The art of the point-of-view

One topic that seems to come up regularly in my writers’ group is – and I’m just as guilty of it as anyone – the shift of point-of-view in telling in a story.

Example?

Joe looked at Sarah and thought she looked absolutely dynamite. His heart felt like it was being squeezed in a vice as he considered asking her out.

To Joe’s dismay, every time he thought he came close to eye contact with Sarah’s icy grey eyes, she would away. It was too obvious to Sarah what Joe was thinking, and she didn’t want to be asked out by this creep.

Joe took a deep breath, thought of a clever pick-up line he’d seen Joey deliver on the TV show Friends, and approached Sarah.

On the surface, that looks pretty clear. Joe’s harbouring a secret crush on Sarah and in the meantime Sarah thinks he’s some bizarre nut who’s creeping her out.

But there’s a problem here. The shift in point-of-view – or POV – is pretty stark here. First, we’re in Joe’s head, hearing his thoughts, and then suddenly, we’re in Sarah’s head – in the same paragraph, no less – and then we end up back in Joe’s head in the final paragraph. That can break the flow of prose.

Readers are only going to get emotionally involved in your story if they care about the character. And one of the best ways to get them to care is to put them in the head of the character and hear his thoughts.
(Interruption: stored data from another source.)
(* Let $G$ be a network, $s,t$ nodes and $S\in[S_{min},1]$. Let $(\pi_1,\pi_2)$ be an optimal solution of the CT-Constrained Survivability Min-QoS problem with $W(\pi_2)\ge W(\pi_1)$. Let $(\tilde\pi_1,\tilde\pi_2)$ be an optimal solution of the Constrained Survivability Min-Max-QoS problem with $W(\tilde\pi_2)\ge W(\tilde\pi_1)$. Then $W(\pi_2)\le 2\,W(\tilde\pi_2)$.
   Context: Network: a directed graph $G=(V,E)$ with $M=|E|$. Each link has a failure probability $p_e\in(0,p_{max}]$ with $p_{max}<1$, and a positive weight $w_e$. Let $S_{min}=(1-p_{max})^M$. Paths are identified with link sets, and $W(\pi)=\sum_{e\in\pi}w_e$. A survivable connection is a pair $(\pi_1,\pi_2)$ of simple $s$–$t$ paths; the two paths may coincide. Its survivability level is $\prod_{e\in\pi_1\cap\pi_2}(1-p_e)$, equal to $1$ if empty. CT-CSMQ problem: minimize $W(\pi_1)+W(\pi_2)$ over survivable connections with survivability level $\ge S$. Constrained Survivability Min-Max-QoS (CSMMQ) problem: find a survivable connection $(\pi_1,\pi_2)$ minimizing $W(\pi_2)$ subject to $W(\pi_1)\le W(\pi_2)$ and survivability level $\ge S$. *)

From HB Require Import structures.
From mathcomp Require Import all_boot all_order all_algebra.
Set Implicit Arguments. Unset Strict Implicit. Unset Printing Implicit Defensive.
Import Order.TTheory GRing.Theory Num.Theory.
Local Open Scope ring_scope.

Fixpoint walk (V : eqType) (s t : V) (q : seq (V * V)) : bool :=
  match q with
  | [::] => s == t
  | e :: q' => (e.1 == s) && walk e.2 t q'
  end.

Definition simple_path_seq (V : finType) (Ed : {set V * V}) (s t : V)
    (q : seq (V * V)) : bool :=
  [&& all (fun e => e \in Ed) q, walk s t q & uniq (s :: map snd q)].

(* Paths identified with their link sets. *)
Definition simple_path (V : finType) (Ed : {set V * V}) (s t : V)
    (P : {set V * V}) : Prop :=
  exists q, simple_path_seq Ed s t q /\ P = [set e in q].

Definition Wt (R : numDomainType) (V : finType) (w : V * V -> R)
    (P : {set V * V}) : R := \sum_(e in P) w e.

Definition surv_level (R : numDomainType) (V : finType) (p : V * V -> R)
    (P1 P2 : {set V * V}) : R := \prod_(e in P1 :&: P2) (1 - p e).

Definition feasible (R : numDomainType) (V : finType) (Ed : {set V * V})
    (s t : V) (p : V * V -> R) (S : R) (P1 P2 : {set V * V}) : Prop :=
  [/\ simple_path Ed s t P1, simple_path Ed s t P2 & S <= surv_level p P1 P2].

Definition CT_CSMQ_opt (R : numDomainType) (V : finType) (Ed : {set V * V})
    (s t : V) (p w : V * V -> R) (S : R) (P1 P2 : {set V * V}) : Prop :=
  feasible Ed s t p S P1 P2 /\
  forall Q1 Q2, feasible Ed s t p S Q1 Q2 ->
    Wt w P1 + Wt w P2 <= Wt w Q1 + Wt w Q2.

Definition CSMMQ_opt (R : numDomainType) (V : finType) (Ed : {set V * V})
    (s t : V) (p w : V * V -> R) (S : R) (P1 P2 : {set V * V}) : Prop :=
  [/\ feasible Ed s t p S P1 P2, Wt w P1 <= Wt w P2 &
  forall Q1 Q2, feasible Ed s t p S Q1 Q2 -> Wt w Q1 <= Wt w Q2 ->
    Wt w P2 <= Wt w Q2].

From HB Require Import structures.
From mathcomp Require Import all_boot all_order all_algebra.
Set Implicit Arguments. Unset Strict Implicit. Unset Printing Implicit Defensive.
Import Order.TTheory GRing.Theory Num.Theory.
Local Open Scope ring_scope.

(* The CSMMQ optimum (T1, T2) is feasible for CT-CSMQ, so
   W(P2) <= W(P1) + W(P2) <= W(T1) + W(T2) <= 2 W(T2), the first step
   because weights are positive and the last because W(T1) <= W(T2). *)

Lemma simple_path_sub (V : finType) (Ed : {set V * V}) (s t : V)
    (P : {set V * V}) :
  simple_path Ed s t P -> P \subset Ed.
Proof.
move=> [q [/and3P [/allP q_Ed _ _] ->]].
by apply/subsetP => e; rewrite inE => /q_Ed.
Qed.

Lemma Wt_ge0 (R : numDomainType) (V : finType) (w : V * V -> R)
    (P : {set V * V}) :
  (forall e, e \in P -> 0 <= w e) -> 0 <= Wt w P.
Proof. by move=> w_ge0; apply: sumr_ge0. Qed.

Lemma simple_path_Wt_ge0 (R : numDomainType) (V : finType)
    (Ed : {set V * V}) (w : V * V -> R) (s t : V) (P : {set V * V}) :
  (forall e, e \in Ed -> 0 <= w e) -> simple_path Ed s t P -> 0 <= Wt w P.
Proof.
move=> w_ge0 /simple_path_sub /subsetP P_Ed.
by apply: Wt_ge0 => e /P_Ed /w_ge0.
Qed.

Lemma CT_CSMQ_opt_le_feasible (R : numDomainType) (V : finType)
    (Ed : {set V * V}) (s t : V) (p w : V * V -> R) (S : R)
    (P1 P2 Q1 Q2 : {set V * V}) :
  (forall e, e \in Ed -> 0 <= w e) ->
  CT_CSMQ_opt Ed s t p w S P1 P2 -> feasible Ed s t p S Q1 Q2 ->
  Wt w Q1 <= Wt w Q2 ->
  Wt w P2 <= 2 * Wt w Q2.
Proof.
move=> w_ge0 [[P1_path _ _] P_opt] Q_feas Q12.
have P1_ge0 := simple_path_Wt_ge0 w_ge0 P1_path.
apply: le_trans (_ : Wt w P1 + Wt w P2 <= _); first by rewrite lerDr.
apply: le_trans (P_opt _ _ Q_feas) _.
by rewrite mulr_natl mulr2n lerD2r.
Qed.

Theorem theorem9 (R : realFieldType) (V : finType) (Ed : {set V * V})
    (p w : V * V -> R) (pmax : R) (s t : V) (S : R)
    (P1 P2 T1 T2 : {set V * V}) :
  pmax < 1 ->
  (forall e, e \in Ed -> 0 < p e <= pmax) ->
  (forall e, e \in Ed -> 0 < w e) ->
  (1 - pmax) ^+ #|Ed| <= S -> S <= 1 ->
  CT_CSMQ_opt Ed s t p w S P1 P2 -> Wt w P1 <= Wt w P2 ->
  CSMMQ_opt Ed s t p w S T1 T2 -> Wt w T1 <= Wt w T2 ->
  Wt w P2 <= 2 * Wt w T2.
Proof.
move=> _ _ w_gt0 _ _ P_opt _ [T_feas _ _] T12.
have w_ge0 e (e_Ed : e \in Ed) : 0 <= w e by exact/ltW/w_gt0.
exact: CT_CSMQ_opt_le_feasible w_ge0 P_opt T_feas T12.
Qed.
If you write a chapter where the POV shifts between three or four characters over the span of ten pages, your readers are going to get the feeling they’re at a shallow cocktail party where they’re unable to get to know anyone because they’re talking to a different person every three minutes. I know what that’s like, and you probably do, too.

If you want your readers to care about your character, you give them the opportunity to curl up on the couch or in bed with your book and your character, getting to know them inside and out. That means keeping the POV consistent throughout an entire chapter, if not the entire story.

Let’s try it again:

Joe looked at Sarah and thought she looked absolutely dynamite. His heart felt like it was being squeezed in a vice as he considered asking her out.

To Joe’s dismay, every time he thought he came close to eye contact with Sarah’s icy grey eyes, she would away. He wondered if she even knew he existed. And if she did, he hoped she was just being shy, and didn’t think he was just some creep.

Joe took a deep breath, thought of a clever pick-up line he’d seen Joey deliver on the TV show Friends, and approached Sarah.

Now, we’re just in Joe’s head. We’re rooting for Joe. We want him to get laid, or at least, go on a hot date with this dynamite woman. We don’t know what Sarah’s thinking, because we’re with Joe here. We’re in his shoes and we know how he feels. We’re hoping everything will turn out for him.

All other POV arguments aside, this is the best one: You can build suspense much more readily if you stay with one character throughout the entire chapter. We see the world through his eyes, and only his eyes.

And if you wanted to, you could do what Martin Amis did in Success. In it, there were two or three different characters, and he shifted the POV back and forth between them, even retelling the same situation from another character’s point of view. It was fascinating to see how differently the story played out through another person’s eyes.

Try it. Tell a story through only one character’s eyes. And then write it again from another character’s POV. And then, again, the exact same story, from the dog’s point of view. It’s great practice for writing, but it’s also good sense to give the reader a chance to latch onto one character and go with him for a ride.